The Newsroom
Discovering Emily Carr’s “Lost” Diary
by David. P Silcox, author of Sister & In Alaska
People want to know where and how I discovered Emily Carr’s long-lost diary of the trip she and her sister took to Alaska in 1907. I’m always happy to tell the story, but it seems especially relevant to do so now that the Art Gallery of Ontario is showing the stunning Carr exhibition (till August 9th).
In the 1970s I catalogued David Milne paintings at the home of Ruth and Tom Daly in Montreal. After becoming President of Sotheby’s Canada some years ago, I remembered their modest collection. In 2011, I called Tom Daly Jr. to invite myself to see the paintings again. Ruth, son Tom, and I had tea, a pleasant viewing, and a chat. Then Ruth said “Tom, perhaps we should show Mr. Silcox that thing in the basement.”
Tom dutifully fetched a cardboard box from which he lifted what looked like a Christmas present: a scribbler (actually a ‘Mapping Book’) with covers taped. Inside were 100 pages of fresh, lively water colours on the right-hand pages and diary entries on the left. Emily titled it Sister and I in Alaska and dedicated it to Alice. I offered to find out more about this remarkable object, made out a receipt, and put it carefully in my briefcase.
What I didn’t know then was that this diary had disappeared, as far as anyone knew, in 1947, when a few pages of it had been photographed for the Victoria Times Colonist. When I showed it to Ian Thom, curator at the Vancouver Art Gallery, his jaw dropped. When he told me that it was believed to be lost or destroyed, my jaw dropped! The long-lost diary did exist after all, and its illustrations were in mint-fresh condition, having never been exhibited.
With the Daly family’s agreement, we produced a limited facsimile edition in the fall of 2012 and then a trade edition in the spring of 2013. When the Carr exhibition opened in London last year, 100 copies sold in the first week, and kept on selling. The same thing happened at the Art Gallery of Ontario this April, where they had to reorder copies twice in the first month. The United States, where Carr is as little known as in Britain, has already absorbed over 500 copies and the presses are being readied for a third printing!

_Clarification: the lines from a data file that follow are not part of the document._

(* Let $\Pi=\{\Pi_\theta\}$ be a partition of a set of paths into pairwise disjoint cells and let $\Theta=\{\theta_0,\dots,\theta_{M-1}\}$ be a set of filling classes $\theta_l=(Z_{\theta_l},\Pi_{\theta_l})$ for cells of $\Pi$, totally ordered by some order. Let $Z_\Theta=\bigcup_l Z_{\theta_l}$, where each PGT $\gamma$ has duration $E_\gamma>0$, minimum separation $t^{\mathrm{minsep}}_\gamma\ge0$ and positive integer minimal allocation $\mathcal{M}_\gamma$. Then for every $t_0$ there exists a valid schedule containing exactly $\mathcal{M}_\gamma$ PGAs of every $\gamma\in Z_\Theta$, all of whose PGAs lie within $[t_0,\,t_0+\tilde{\mathcal{R}}(Z_\Theta)]$, where $$\tilde{\mathcal{R}}(Z_\Theta)=\sum_{\theta_l\in\Theta}R(Z_{\theta_l}).$$
   Context: A filling class is $\phi=(Z_\phi,\Pi_\phi)$ where $\Pi_\phi$ is a cell of the path partition and $Z_\phi$ is a set of PGTs $\gamma$ with paths $\pi_\gamma\in\Pi_\phi$. For a set of PGTs $Z_\phi=\{\gamma_0,\dots,\gamma_{M-1}\}$ indexed so that $\mathcal{M}_{\gamma_0}\le\dots\le\mathcal{M}_{\gamma_{M-1}}$, with $E_x=E_{\gamma_x}$, $\tau_x=t^{\mathrm{minsep}}_{\gamma_x}$: $n_0=\mathcal{M}_{\gamma_0}-1$, $n_x=\mathcal{M}_{\gamma_x}-\mathcal{M}_{\gamma_{x-1}}$ ($x\ge1$), $c_x=\max(\max_{y\ge x}(E_y+\tau_y),\sum_{y=x}^{M-1}E_y)$, and $R(Z_\phi)=\sum_{x=0}^{M-1}(n_xc_x+E_x)$ ($R(\emptyset)=0$). A PGA of $\gamma$ is a time interval $[s,s+E_\gamma)$ assigned to $\gamma$; a schedule is a finite set of PGAs. A resource conflict occurs if there are PGAs $[s,e)$ of $\gamma$ and $[s',e')$ of $\gamma'$ (distinct PGAs) with $\xi(\pi_\gamma)\cap\xi(\pi_{\gamma'})\ne\emptyset$ and $s\le s'<e$, where $\xi(\pi)$ is the set of vertices on path $\pi$. A minsep violation occurs if two time-consecutive PGAs $[s,e)$, $[s'',e'')$ of the same PGT $\gamma$ satisfy $s''-e<t^{\mathrm{minsep}}_\gamma$. A schedule is valid if no resource conflict and no minsep violation occurs. *)

From HB Require Import structures.
From mathcomp Require Import all_boot all_order all_algebra.
From mathcomp Require Import finmap.
From mathcomp Require Import reals.
Set Implicit Arguments. Unset Strict Implicit. Unset Printing Implicit Defensive.
Import Order.TTheory GRing.Theory Num.Theory.
Local Open Scope ring_scope.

The book has been on best-seller lists and is nominated for the Melva J. Dwyer Award offered by the Art Libraries Society of North America. Emily Carr would have been astonished. Those who have bought her book have been delighted.
David P. Silcox has received the Order of Canada and a Governor General’s Award for his many contributions to all the disciplines of the arts in Canada. He has written several award-winning books: Painting Place: the Life and Work of David B. Milne; Tom Thomson: The Silence and The Storm (with Harold Town); The Group of Seven and Tom Thomson; and Christopher Pratt, as well as numerous articles, catalogues, and reviews on artists and the arts.